Minister of Public Works
- In office 16 December 1931 – 12 September 1933
- President: Manuel Azaña

Minister of the Navy and Air Force
- In office 4 September 1936 – 17 May 1937
- President: Francisco Largo Caballero

Minister of the National Defence
- In office 17 May 1937 – 5 April 1938
- President: Juan Negrín

President of the Spanish Socialist Workers' Party
- In office 1948–1951
- Preceded by: Enrique de Francisco
- Succeeded by: Trifón Gómez

Personal details
- Born: 30 April 1883 Oviedo, Spain
- Died: 11 February 1962 (aged 78) Mexico City, Mexico
- Party: PSOE

= Indalecio Prieto =

Spanish politician

Indalecio Prieto Tuero (30 April 1883 – 11 February 1962) was a Spanish politician, a minister and one of the leading figures of the Spanish Socialist Workers' Party (PSOE) in the years before and during the Second Spanish Republic. Less radical than Francisco Largo Caballero, Prieto served as minister under his government during the Spanish Civil War. Exiled in Mexico after the republican defeat, he led the Socialist Party from 1948 to 1951.

==Early life==
Born in Oviedo in 1883, he was six years old when his father died. His mother moved him to Bilbao in 1891. From a young age, he survived by selling magazines in the street. He eventually obtained work as a stenographer at the daily newspaper La Voz de Vizcaya, which led to a position as a copy editor and later a journalist at the rival daily El Liberal. He eventually became the director and owner of the newspaper.

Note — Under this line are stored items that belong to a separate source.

(* Let $\nu$ be a Lévy measure concentrated on $\mathbb{Z}^n\setminus\{\mathbf{0}\}$ with $\int_{\mathbb{R}^n}\min(1,\|\mathbf{y}\|)\nu(d\mathbf{y})<\infty$, let $N$ be a homogeneous Poisson random measure on $\mathbb{R}^n\times[0,1]\times\mathbb{R}$ with intensity $\nu(d\mathbf{y})\,dx\,ds$, and $\mathbf{L}=(L^{(1)},\dots,L^{(n)})^\top$, $\mathbf{L}(dx,ds)=\int_{\mathbb{R}^n}\mathbf{y}\,N(d\mathbf{y},dx,ds)$. Fix $i\in\{1,\dots,n\}$ and let $d^{(i)}:(-\infty,0]\to[0,1]$ be continuous with $\int_{-\infty}^0d^{(i)}(s)\,ds<\infty$. Then $$X^{(i)}_{0,t}:=L^{(i)}\big(\{(x,s):s\le0,\ 0\le x\le d^{(i)}(s-t)\}\big)\to0\quad\text{in probability as }t\to\infty.$$
   Context: $X^{(i)}_{0,t}$ is the contribution, to the $i$-th component $Y^{(i)}_t=L^{(i)}(\{(x,s):s\le t,\ 0\le x\le d^{(i)}(s-t)\})$ of the trawl process, coming from the part of the trawl lying at times $s\le0$. *)

From HB Require Import structures.
From mathcomp Require Import all_boot all_order all_algebra.
From mathcomp Require Import all_classical all_reals all_analysis.
From mathcomp Require Import measurable_realfun.
Set Implicit Arguments. Unset Strict Implicit. Unset Printing Implicit Defensive.
Import Order.TTheory GRing.Theory Num.Theory.
Import numFieldNormedType.Exports.
Local Open Scope classical_set_scope.
Local Open Scope ring_scope.

(* The state space  R^n x R x R  of the Poisson random measure: a point is
   (y, (x, s)) with y the jump size, x the "height" coordinate and s time. *)
Definition PRMspace (R : realType) (n : nat) := (n.-tuple R * (R * R))%type.

Definition tnorm (R : realType) (n : nat) (y : n.-tuple R) : R :=
  Num.sqrt (\sum_(j < n) (tnth y j) ^+ 2).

In 1899, at the age of 16, he had joined the PSOE. As a journalist in the first decade of the 20th century, Prieto became a leading figure of socialism in the Basque Country.

==Entering politics==
Spain's neutrality in World War I greatly benefited Spanish industry and commerce, but those benefits were not reflected in the workers' salaries. The period was one of great social unrest, culminating on August 13, 1917, in a revolutionary general strike. The government's fear of unrest like that of the February Revolution that year in Russia (the October Revolution there was still to come) caused it to use the military to put down the general strike. Members of the strike committee were arrested in Madrid. Having been involved in organizing the strike, Prieto fled to France before he could be arrested.

He did not return until April 1918, when he had been elected to the Spanish Congress of Deputies. Very critical of the actions of the government and army during the Rif War, or "War of Melilla" (1919–1926), Prieto spoke out strongly in the Congress after the Battle of Annual (1921). He also addressed the likely responsibility of the king in the imprudent military actions of General Manuel Fernández Silvestre in the Melilla command zone.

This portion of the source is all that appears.